### PROBLEM REQUIREMENTS
When you have gone through the records, report how many lines include "nseqSr", giving the number and nothing more.
=== Begin Enclosure ===
(* Let $\varepsilon>0$, $\Omega\subset\mathbb{R}^2$ bounded open, $u\in\mathcal{SF}_\varepsilon(\Omega)$ and $R\in\mathcal{R}_\varepsilon(u)$. Then $u(\mathcal{L}_\varepsilon(R))$ contains at most four points.
   Context: $\mathcal{L}=\{ae_1+b\hat e_2:a,b\in\mathbb{Z}\}$ with $e_1=(1,0)$, $\hat e_2=\frac12(1,\sqrt3)$, $\mathcal{L}_\varepsilon=\varepsilon\mathcal{L}$, $\mathcal{L}_\varepsilon(R)=\mathcal{L}_\varepsilon\cap R$; $\mathcal{T}_\varepsilon$ is the set of closed triangles with vertices in $\mathcal{L}_\varepsilon$ pairwise at distance $\varepsilon$; $\mathcal{E}_\varepsilon$ the set of segments $[i,j]$, $i,j\in\mathcal{L}_\varepsilon$, $|i-j|=\varepsilon$. $n=(0,0,1)$; $\mathcal{SF}_\varepsilon(\Omega)$ is the set of $u:\mathcal{L}_\varepsilon\to\mathbb{S}^2$ with $u=n$ on $\mathcal{L}_\varepsilon\setminus\Omega$. $\mathcal{N}_\varepsilon(u)=\{[i,j]\in\mathcal{E}_\varepsilon:u(i)=-u(j)\}$. Two triangles of $\mathcal{T}_\varepsilon$ are neighbours if their intersection is an edge in $\mathcal{N}_\varepsilon(u)$, and connected if joined by a finite chain of consecutive neighbours. $\mathcal{R}_\varepsilon(u)$ is the set of admissible interpolation regions: unions of pairwise connected triangles of $\mathcal{T}_\varepsilon$ that are maximal with respect to inclusion. *)

From Stdlib Require Import Reals Relations.
Open Scope R_scope.

Definition pt2 := (R * R)%type.
Definition pt3 := (R * R * R)%type.

Definition dist2 (p q : pt2) : R :=
  sqrt ((fst p - fst q)^2 + (snd p - snd q)^2).

(* L_eps = eps * { a e1 + b e2hat : a b in Z }, e1=(1,0), e2hat=(1/2, sqrt3/2) *)
Definition in_lattice (eps : R) (p : pt2) : Prop :=
  exists a b : Z,
    p = (eps * (IZR a + IZR b / 2), eps * (IZR b * sqrt 3 / 2)).

Definition on_sphere (v : pt3) : Prop :=
  let '(x, y, z) := v in x^2 + y^2 + z^2 = 1.

Definition north : pt3 := (0, 0, 1).
Definition opp3 (v : pt3) : pt3 := let '(x, y, z) := v in (-x, -y, -z).

Definition open2 (O : pt2 -> Prop) : Prop :=
  forall x, O x -> exists r, 0 < r /\ forall y, dist2 x y < r -> O y.
Definition bounded2 (O : pt2 -> Prop) : Prop :=
  exists M, forall x, O x -> dist2 (0,0) x <= M.

(* u in SF_eps(Omega): u : L_eps -> S^2, u = n on L_eps \ Omega.
   u is given as a function on R^2; only its values on L_eps matter. *)
Definition SF (eps : R) (Omega : pt2 -> Prop) (u : pt2 -> pt3) : Prop :=
  (forall p, in_lattice eps p -> on_sphere (u p)) /\
  (forall p, in_lattice eps p -> ~ Omega p -> u p = north).

Definition seg (i j : pt2) (x : pt2) : Prop :=
  exists t, 0 <= t <= 1 /\
    x = ((1 - t) * fst i + t * fst j, (1 - t) * snd i + t * snd j).

Definition tri (i j k : pt2) (x : pt2) : Prop :=
  exists a b c, 0 <= a /\ 0 <= b /\ 0 <= c /\ a + b + c = 1 /\
    x = (a * fst i + b * fst j + c * fst k, a * snd i + b * snd j + c * snd k).

Definition seteq (A B : pt2 -> Prop) : Prop := forall x, A x <-> B x.

Definition is_triangle (eps : R) (T : pt2 -> Prop) : Prop :=
  exists i j k, in_lattice eps i /\ in_lattice eps j /\ in_lattice eps k /\
    dist2 i j = eps /\ dist2 j k = eps /\ dist2 i k = eps /\
    seteq T (tri i j k).

Definition antipodal_edge (eps : R) (u : pt2 -> pt3) (i j : pt2) : Prop :=
  in_lattice eps i /\ in_lattice eps j /\ dist2 i j = eps /\ u i = opp3 (u j).

Definition neighbours (eps : R) (u : pt2 -> pt3) (T1 T2 : pt2 -> Prop) : Prop :=
  is_triangle eps T1 /\ is_triangle eps T2 /\
  exists i j, antipodal_edge eps u i j /\
    seteq (fun x => T1 x /\ T2 x) (seg i j).

Definition tri_connected (eps : R) (u : pt2 -> pt3) : relation (pt2 -> Prop) :=
  clos_refl_trans _ (neighbours eps u).

Definition conn_union (eps : R) (u : pt2 -> pt3) (S : pt2 -> Prop) : Prop :=
  exists F : (pt2 -> Prop) -> Prop,
    (forall T, F T -> is_triangle eps T) /\
    (forall T1 T2, F T1 -> F T2 -> tri_connected eps u T1 T2) /\
    seteq S (fun x => exists T, F T /\ T x).
(* Let $(X,d)$ be a metric space, $\lambda\ge0$, $\ell:X\to[0,+\infty)$ lower semicontinuous with $\inf_X\ell=0$, and let $u:X\to\mathbb{R}$ satisfy $\inf_Xu=0$. Then for every $x\in X$, \[T^\infty u(x)=\sup\{v(x): v \text{ is a subsolution of } (\mathcal{G}_\lambda) \text{ and } v\le u\}.\] In particular, if $u$ is a supersolution of $(\mathcal{G}_\lambda)$, then $T^\infty u(x)=\sup\{v(x): v\text{ is a solution of }(\mathcal{G}_\lambda)\text{ and }v\le u\}$ for all $x\in X$.
   Context: Global slope: $G[u](x)=\sup_{y\neq x}\frac{(u(x)-u(y))_+}{d(x,y)}$ if $u(x)<+\infty$, $G[u](x)=+\infty$ otherwise. For $(\mathcal{G}_\lambda)$: a subsolution is $u:X\to\mathbb{R}\cup\{+\infty\}$ with $\inf_Xu=0$ and $\lambda u+G[u]\le\ell$ on $X$; a supersolution is a lower semicontinuous $v$ with $\inf_Xv=0$ and $\lambda v+G[v]\ge\ell$ on $X$; a solution is a lower semicontinuous function that is both. For $u:X\to[0,+\infty]$, $Tu(x)=\inf_{y\in X}\frac{u(y)+\ell(x)d(x,y)}{1+\lambda d(x,y)}$, and $T^\infty u(x)=\lim_{n\to\infty}T^nu(x)$ (a nonincreasing limit). *)

From HB Require Import structures.
From mathcomp Require Import all_boot all_order all_algebra.
From mathcomp Require Import all_classical all_reals all_analysis.
Set Implicit Arguments. Unset Strict Implicit. Unset Printing Implicit Defensive.
Import Order.TTheory GRing.Theory Num.Theory.
Local Open Scope classical_set_scope.
Local Open Scope ring_scope.

Section Defs.
Context {R : realType} {X : Type}.

Definition is_metric (d : X -> X -> R) : Prop :=
  [/\ (forall x y, 0 <= d x y),
      (forall x y, d x y = 0 <-> x = y),
      (forall x y, d x y = d y x) &
      (forall x y z, d x z <= d x y + d y z)].

Definition lsc (d : X -> X -> R) (f : X -> \bar R) : Prop :=
  forall x (a : \bar R), (a < f x)%E ->
    exists2 delta : R, 0 < delta & forall y, d x y < delta -> (a < f y)%E.

Definition einf (f : X -> \bar R) : \bar R := ereal_inf (range f).

Definition gslope (d : X -> X -> R) (u : X -> \bar R) (x : X) : \bar R :=
  if u x == +oo%E then +oo%E
  else ereal_sup ([set 0%E] `|`
         [set (maxe (u x - u y) 0 * ((d x y)^-1)%:E)%E | y in [set y | y <> x]]).
(* Fix integers $d\ge 1$ and $n\ge 1$. There exists a bijection $\phi_d:\mathcal{H}_n\to\mathcal{H}_n$ such that $\mathrm{dif}_d(\lambda)\ge\mathrm{mod}'_d(\phi_d(\lambda))$ for every $\lambda\in\mathcal{H}_n$. Moreover, for every $\lambda\in\mathcal{H}_n$, $\mathrm{dif}_d(\lambda)=0$ if and only if $\mathrm{mod}'_d(\phi_d(\lambda))=0$.
   Context: A partition is a finite nonempty weakly decreasing sequence $\lambda=(\lambda_1,\ldots,\lambda_k)$ of positive integers; $\ell(\lambda)=k$. The perimeter is $\Gamma(\lambda)=\lambda_1+\ell(\lambda)-1$; $\mathcal{H}_n$ is the set of partitions with perimeter $n$. $\mathrm{dif}_d(\lambda)=|\{i:1\le i<\ell(\lambda),\ \lambda_i-\lambda_{i+1}<d\}|$ and $\mathrm{mod}'_d(\lambda)=|\{i:1\le i\le\ell(\lambda),\ \lambda_i\not\equiv 1\pmod{d+1}\}|$. *)

From mathcomp Require Import all_boot.
Set Implicit Arguments. Unset Strict Implicit. Unset Printing Implicit Defensive.

Definition is_partition (l : seq nat) : bool :=
  [&& l != [::], sorted geq l & all (fun x => 0 < x) l].

Definition perimeter (l : seq nat) : nat := head 0 l + size l - 1.

Definition inH (n : nat) (l : seq nat) : bool :=
  is_partition l && (perimeter l == n).

(* dif_d(λ) = #{ i : 1 <= i < ℓ(λ), λ_i - λ_{i+1} < d }  (0-indexed below) *)
Definition dif (d : nat) (l : seq nat) : nat :=
  count (fun i => nth 0 l i - nth 0 l i.+1 < d) (iota 0 (size l).-1).

Definition modp' (d : nat) (l : seq nat) : nat :=
  count (fun x => x %% d.+1 != 1 %% d.+1) l.

From mathcomp Require Import all_boot zify.
Set Implicit Arguments. Unset Strict Implicit. Unset Printing Implicit Defensive.

(* A partition of perimeter n is built from (1) by n - 1 moves, each of which
   either adds a new largest part equal to the current largest part or increases
   the largest part by one; this identifies H_n with the boolean words of length
   n - 1. phi_d replays the moves of lambda while building its image, copying each
   move except when the largest part of the image built so far is congruent to 1
   mod d+1, where it makes the other move. Since that test only reads the image,
   the recoding can be undone, so phi_d is a bijection. Along the way the residue
   s of (largest part of the image) - 1 stays ahead of the first gap g of lambda
   (g < s whenever s <> 0), so a part of the image not congruent to 1 is frozen
   only by a copied new-part move, at a moment when g < s <= d: each frozen part
   counted by mod'_d is matched by a gap counted by dif_d. *)

Definition grow (l : seq nat) (b : bool) : seq nat :=
  if l is h :: t then (if b then h :: h :: t else h.+1 :: t) else l.

Definition of_word (w : seq bool) : seq nat := foldl grow [:: 1] w.

Fixpoint to_word (l : seq nat) : seq bool :=
  if l is h :: t then
    if t is h2 :: _ then to_word t ++ true :: nseq (h - h2) false
    else nseq h.-1 false
  else [::].

Lemma of_word_rcons w b : of_word (rcons w b) = grow (of_word w) b.
Proof. exact: foldl_rcons. Qed.

Lemma is_partition_grow l b : is_partition l -> is_partition (grow l b).
Proof.
case: l => [|h t] //; rewrite /is_partition /= => /and3P[tS h0 tP].
case: b => /=; first by rewrite leqnn tS h0 tP.
by rewrite tP andbT; case: t tS {tP} => [|h2 t] //= /andP[/leqW -> ->].
Qed.

Lemma is_partition_of_word w : is_partition (of_word w).
Proof. by elim/last_ind: w => // w b IHw; rewrite of_word_rcons is_partition_grow. Qed.

Lemma perimeter_of_word w : perimeter (of_word w) = (size w).+1.
Proof.
elim/last_ind: w => // w b IHw; rewrite of_word_rcons size_rcons -IHw.
by case: (of_word w) (is_partition_of_word w) => // h t _; case: b; rewrite /perimeter /=; lia.
Qed.

Lemma foldl_grow_nseq h t k : foldl grow (h :: t) (nseq k false) = (h + k) :: t.
Proof. by elim: k h => [|k IHk] h /=; rewrite ?addn0 // IHk addSnnS. Qed.

Lemma of_word_to_word l : is_partition l -> of_word (to_word l) = l.
Proof.
elim: l => // h t IHt; rewrite /is_partition /= => /and3P[tS h0 tP].
case: t IHt tS tP => [|h2 t] IHt /=.
  by rewrite /of_word foldl_grow_nseq; case: h h0.
move=> /andP[h2h tS] /andP[h20 tP].
rewrite /of_word foldl_cat -/(of_word _) IHt; last by rewrite /is_partition /= tS h20 tP.
by rewrite /= foldl_grow_nseq subnKC.
Qed.

Lemma to_word_grow l b : is_partition l -> to_word (grow l b) = rcons (to_word l) b.
Proof.
case: l => // h t; rewrite /is_partition /= => /and3P[tS h0 _].
case: b => /=; first by rewrite subnn cats1.
have nseqSr k : nseq k.+1 false = rcons (nseq k false) false.
  by rewrite -cats1 -addn1 nseqD.
case: t tS => [|h2 t] /=; first by rewrite -nseqSr prednK.
by move=> /andP[h2h _]; rewrite subSn // nseqSr rcons_cat.
Qed.

Lemma to_word_of_word w : to_word (of_word w) = w.
Proof.
elim/last_ind: w => // w b IHw.
by rewrite of_word_rcons to_word_grow ?IHw // is_partition_of_word.
Qed.

Lemma inH_of_word n w : 0 < n -> inH n (of_word w) = (size w == n.-1).
Proof. by move=> n0; rewrite /inH is_partition_of_word perimeter_of_word; lia. Qed.

Lemma size_to_word n l : 0 < n -> inH n l -> size (to_word l) = n.-1.
Proof.
move=> n_gt0 lH; apply/eqP; rewrite -(inH_of_word (to_word l) n_gt0) of_word_to_word //.
by case/andP: lH.
Qed.

Section Recode.

Variable flip : seq nat -> bool.

Fixpoint recode (mu : seq nat) (x : seq bool) : seq bool :=
  if x is b :: x' then let o := flip mu (+) b in o :: recode (grow mu o) x'
  else [::].

Fixpoint decode (mu : seq nat) (y : seq bool) : seq bool :=
  if y is o :: y' then flip mu (+) o :: decode (grow mu o) y' else [::].

Lemma recodeK mu : cancel (recode mu) (decode mu).
Proof. by move=> x; elim: x mu => [|b x IHx] mu //=; rewrite addKb IHx. Qed.

Lemma decodeK mu : cancel (decode mu) (recode mu).
Proof. by move=> y; elim: y mu => [|o y IHy] mu //=; rewrite addKb IHy. Qed.

Lemma size_recode mu x : size (recode mu x) = size x.
Proof. by elim: x mu => [|b x IHx] mu //=; rewrite IHx. Qed.

End Recode.

Lemma bij_inH_of_word n (f g : seq bool -> seq bool) :
    0 < n -> cancel f g -> cancel g f -> (forall w, size (f w) = size w) ->
    let phi l := of_word (f (to_word l)) in
    [/\ {in inH n, forall l, inH n (phi l)},
        {in inH n &, injective phi} &
        {in inH n, forall m, exists2 l, inH n l & phi l = m}].
Proof.
move=> n_gt0 fK gK size_f phi.
have size_g w : size (g w) = size w by rewrite -{2}(gK w) size_f.
have part_inH l : inH n l -> is_partition l by case/andP.
split.
- by move=> l lH; rewrite /phi inH_of_word // size_f (size_to_word n_gt0 lH).
- move=> l1 l2 /part_inH l1P /part_inH l2P /(congr1 to_word).
  by rewrite !to_word_of_word => /(can_inj fK)/(congr1 of_word); rewrite !of_word_to_word.
- move=> m mH; exists (of_word (g (to_word m))).
    by rewrite inH_of_word // size_g (size_to_word n_gt0 mH).
  by rewrite /phi to_word_of_word gK of_word_to_word // part_inH.
Qed.

Lemma dif_cons d h t :
  dif d (h :: t) = ((t != [::]) && (h - head 0 t < d)) + dif d t.
Proof.
case: t => [|h2 t] //.
by rewrite /dif /= -[1]/(1 + 0) iotaDl count_map.
Qed.

Lemma modp'_cons d a t :
  modp' d (a :: t) = (a %% d.+1 != 1 %% d.+1) + modp' d t.
Proof. by []. Qed.

Lemma modnS_residue d k :
  k.+1 %% d.+1 = if k %% d.+1 == d then 0 else (k %% d.+1).+1.
Proof.
have := ltn_pmod k (ltn0Sn d); rewrite -[k.+1]addn1 -modnDml.
by case: eqP => [->|ne] lt_kd; [rewrite addn1 modnn | rewrite modn_small ?addn1 //; lia].
Qed.

Lemma modnS_neq1 d k : 0 < d -> (k.+1 %% d.+1 != 1 %% d.+1) = (k %% d.+1 != 0).
Proof.
move=> d_gt0; rewrite modnS_residue [1 %% _]modn_small //.
by case: ifP => [/eqP ->|_]; rewrite ?eqSS // -lt0n.
Qed.

Definition head_eq1_mod (d : nat) (m : seq nat) : bool := (head 0 m).-1 %% d.+1 == 0.

(* l = h :: t is the partition read so far and m = h' :: t' its image; the parts
   in t and t' are final. *)
Definition coupled (d : nat) (l m : seq nat) : Prop :=
  if (l, m) is (h :: t, h' :: t') then
    let g := h - head 0 t in let s := h'.-1 %% d.+1 in
    [/\ modp' d t' <= dif d t, 0 < dif d t -> 0 < modp' d t',
        s != 0 -> t != [::] /\ g < s,
        t != [::] -> g < d -> s != g.+1 -> 0 < modp' d t'
      & head 0 t <= h /\ 0 < h']
  else False.

Lemma coupled_grow d l m b : 0 < d -> coupled d l m ->
  coupled d (grow l b) (grow m (head_eq1_mod d m (+) b)).
Proof.
move=> d_gt0; case: l => [|h t] //; case: m => [|[|k] t'] //; first by case=> _ _ _ _ [].
rewrite /head_eq1_mod /= => -[frozen_le frozen_pos s_ahead gap_lt_d [head_le _]].
have s_le : k %% d.+1 <= d by rewrite -ltnS ltn_pmod.
case: b; case: eqP => s0 /=; split;
  rewrite /= ?dif_cons ?modp'_cons ?modnS_neq1 ?modnS_residue //.
(* Only the residue s matters; abstracting it keeps lia away from %%. *)
all: move: s_le s0 s_ahead gap_lt_d; move: (k %% d.+1) => s.
all: case: t frozen_le frozen_pos head_le => [|h2 t] /=.
all: try case: ifP => /eqP; lia.
Qed.

Lemma coupled_recode d l m x : 0 < d -> coupled d l m ->
  coupled d (foldl grow l x) (foldl grow m (recode (head_eq1_mod d) m x)).
Proof. by move=> d_gt0; elim: x l m => [|b x IHx] l m //= lm; apply/IHx/coupled_grow. Qed.

Lemma coupled_bounds d l m : 0 < d -> coupled d l m ->
  modp' d m <= dif d l /\ (dif d l = 0 <-> modp' d m = 0).
Proof.
move=> d_gt0; case: l => [|h t] //; case: m => [|[|k] t'] //; first by case=> _ _ _ _ [].
move=> -[frozen_le frozen_pos s_ahead gap_lt_d [head_le _]].
have s_le : k %% d.+1 <= d by rewrite -ltnS ltn_pmod.
rewrite dif_cons modp'_cons modnS_neq1 //.
move: s_le s_ahead gap_lt_d; move: (k %% d.+1) => s.
case: t frozen_le frozen_pos head_le => [|h2 t] /=; (split; [lia | split; lia]).
Qed.

Definition phi_d (d : nat) (l : seq nat) : seq nat :=
  of_word (recode (head_eq1_mod d) [:: 1] (to_word l)).

Theorem theorem3p6 (d n : nat) : 1 <= d -> 1 <= n ->
  exists phi : seq nat -> seq nat,
    [/\ {in inH n, forall l, inH n (phi l)},
        {in inH n &, injective phi},
        {in inH n, forall m, exists2 l, inH n l & phi l = m},
        {in inH n, forall l, modp' d (phi l) <= dif d l} &
        {in inH n, forall l, dif d l = 0 <-> modp' d (phi l) = 0}].
Proof.
move=> d_gt0 n_gt0; exists (phi_d d).
have [phi_inH phi_inj phi_onto] := bij_inH_of_word n_gt0
  (@recodeK (head_eq1_mod d) [:: 1]) (@decodeK _ [:: 1]) (@size_recode _ [:: 1]).
have phi_bounds w (l := of_word w) (m := of_word (recode (head_eq1_mod d) [:: 1] w)) :
    modp' d m <= dif d l /\ (dif d l = 0 <-> modp' d m = 0).
  exact/coupled_bounds/coupled_recode.
by split=> // l /andP[lP _]; have [] := phi_bounds (to_word l); rewrite of_word_to_word.
Qed.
=== End Enclosure ===
### WRITTEN RESPONSE
3